Tidur yang cukup membantu otak memproses dan menyimpan informasi baru.

4. Terlalu Banyak Waktu Layar

Gawai memang menawarkan hiburan yang menarik.

Namun penggunaan berlebihan dapat membuat anak terbiasa menerima rangsangan cepat dan instan.

Akibatnya, aktivitas belajar yang membutuhkan kesabaran menjadi terasa membosankan.

Solusi

Batasi penggunaan:

  • Smartphone.
  • Tablet.
  • Video pendek.
  • Game online.

Perbanyak aktivitas fisik dan permainan kreatif.

5. Kurang Aktivitas Fisik

Tubuh yang aktif membantu otak bekerja lebih baik.

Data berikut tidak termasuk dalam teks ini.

Definition flag_cycles (F : fieldType) K (DB : 'M[F]_K) m : 'M[F]_K :=
  (flagmx F K m :&: kermx DB)%MS.

Section Flag.

Variables (F : fieldType) (K : nat).

Lemma flagmx_mul_trig (P : 'M[F]_K) m :
  (forall i j, P i j != 0 -> (j <= i)%N) -> (flagmx F K m *m P <= flagmx F K m)%MS.
Proof.
move=> Ptrig; apply/sub_spanS=> i j; rewrite inE -leqNgt => mj.
rewrite /flagmx /spanS mul_diag_mx !mxE inE.
have [im | _] := ltnP i m; last by rewrite mul0r.
have [-> | /Ptrig ji] := eqVneq (P i j) 0; first by rewrite mulr0.
by have := leq_trans im (leq_trans mj ji); rewrite ltnn.
Qed.

Lemma flagmx_mul_invmx (P : 'M[F]_K) m :
    P \in unitmx -> (forall i j, P i j != 0 -> (j <= i)%N) ->
  (flagmx F K m *m invmx P <= flagmx F K m)%MS.
Proof.
move=> Punit Ptrig; have LP := flagmx_mul_trig m Ptrig.
have LLP : (flagmx F K m <= flagmx F K m *m P)%MS.
  by rewrite -(mxrank_leqif_sup LP).2 mxrankMfree // row_free_unit.
by apply: submx_trans (submxMr _ LLP) _; rewrite mulmxK.
Qed.

Lemma flagmx_split_row (y : 'rV[F]_K) (k : 'I_K) :
  (y <= flagmx F K k.+1)%MS -> y = y *m flagmx F K k + y 0 k *: delta_mx 0 k.
Proof.
rewrite /flagmx => /sub_spanS y0; apply/rowP=> l.
rewrite mxE mulmx_spanSE !mxE inE /= -val_eqE /=.
have [lk | kl | /val_inj->] := ltngtP l k.
- by rewrite mulr0 addr0.
- by rewrite mulr0 addr0 y0 // inE -leqNgt.
- by rewrite mulr1 add0r.
Qed.

End Flag.

Section Elementary.

Variables (F : fieldType) (K : nat) (D1 : 'M[F]_K).
Hypothesis D1el : elementary D1.

Lemma elementary_row i j : D1 i j = 1 -> row i D1 = delta_mx 0 j.
Proof.
case: D1el => rowD1 _ Dij; apply/rowP=> l; rewrite !mxE /=.
case: (rowD1 i) => [D1i0 | [j' [Dij' Dil]]].
  by move: Dij; rewrite D1i0 => /esym/eqP; rewrite oner_eq0.
have <- : j' = j.
  apply: contraTeq isT => jj'; move: Dij.
  by rewrite Dil 1?eq_sym // => /esym/eqP; rewrite oner_eq0.
by have [-> | /Dil] := eqVneq l j'.
Qed.

Lemma elementary_col i j i' : D1 i j = 1 -> i' != i -> D1 i' j = 0.
Proof.
case: D1el => rowD1 colD1 Dij i'i.
case: (rowD1 i') => [-> // | [j' [Di'j' Di'l]]].
have [jj' | /Di'l //] := eqVneq j j'.
by rewrite -jj' in Di'j'; rewrite (colD1 _ _ _ Di'j' Dij) eqxx in i'i.
Qed.

End Elementary.

Section PairedIndices.

Variables (F : fieldType) (K : nat) (DB P D1 : 'M[F]_K).
Hypotheses (DB2 : DB *m DB = 0) (Punit : P \in unitmx).
Hypothesis Ptrig : forall i j, P i j != 0 -> (j <= i)%N.
Hypotheses (D1E : D1 = invmx P *m DB *m P) (D1el : elementary D1).

Lemma flag_cycles_paired (k j : 'I_K) :
  D1 k j = 1 \/ D1 j k = 1 -> (flag_cycles DB k.+1 <= flag_cycles DB k + DB)%MS.
Proof.
move=> kj; apply/row_subP=> r; set x := row r _.
have xL : (x <= flagmx F K k.+1)%MS := submx_trans (row_sub r _) (capmxSl _ _).
have xDB : x *m DB = 0 := sub_kermxP (submx_trans (row_sub r _) (capmxSr _ _)).
set Q := invmx P; set y := x *m P.
have yL : (y <= flagmx F K k.+1)%MS := submx_trans (submxMr P xL) (flagmx_mul_trig _ Ptrig).
set t := y *m flagmx F K k *m Q.
have tL : (t <= flagmx F K k)%MS.
  exact: submx_trans (submxMr Q (submxMl _ _)) (flagmx_mul_invmx _ Punit Ptrig).
(* [y] holds the coordinates of [x] in the basis of the rows of [Q]. *)
have xE : x = t + y 0 k *: row k Q.
  by rewrite -[x in LHS](mulmxK Punit) -/y {1}(flagmx_split_row yL) mulmxDl -scalemxAl -rowE.
case: kj => [Dkj | Djk].
  have yD1 : y *m D1 = 0 by rewrite D1E !mulmxA mulmxK // xDB mul0mx.
  have yk : y 0 k = 0.
    move/(congr1 (fun v : 'rV_K => v 0 j)): yD1; rewrite /= [RHS]mxE [LHS]mxE.
    rewrite (bigD1 k) //= Dkj mulr1 big1 ?addr0 // => i ik.
    by rewrite (elementary_col D1el Dkj ik) mulr0.
  apply: submx_trans (addsmxSl _ _); rewrite sub_capmx.
  by rewrite {1}xE yk scale0r addr0 tL; apply/sub_kermxP.
have Qk : row k Q = row j Q *m DB.
  have QDB : Q *m DB = D1 *m Q by rewrite D1E mulmxK.
  by rewrite -row_mul QDB row_mul (elementary_row D1el Djk) -rowE.
rewrite xE addmx_sub_adds //; last by rewrite Qk scalemxAl submxMl.
rewrite sub_capmx tL; apply/sub_kermxP.
have -> : t = x - y 0 k *: row k Q by rewrite xE addrK.
by rewrite mulmxBl xDB Qk -scalemxAl -mulmxA DB2 mulmx0 scaler0 subrr.
Qed.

Anak yang jarang bergerak cenderung memiliki energi yang tidak tersalurkan sehingga lebih sulit duduk tenang saat belajar.

Aktivitas yang Disarankan

  • Bersepeda.
  • Bermain bola.
  • Jalan pagi.
  • Bermain di taman.
  • Senam ringan.

Aktivitas fisik terbukti membantu meningkatkan konsentrasi dan suasana hati.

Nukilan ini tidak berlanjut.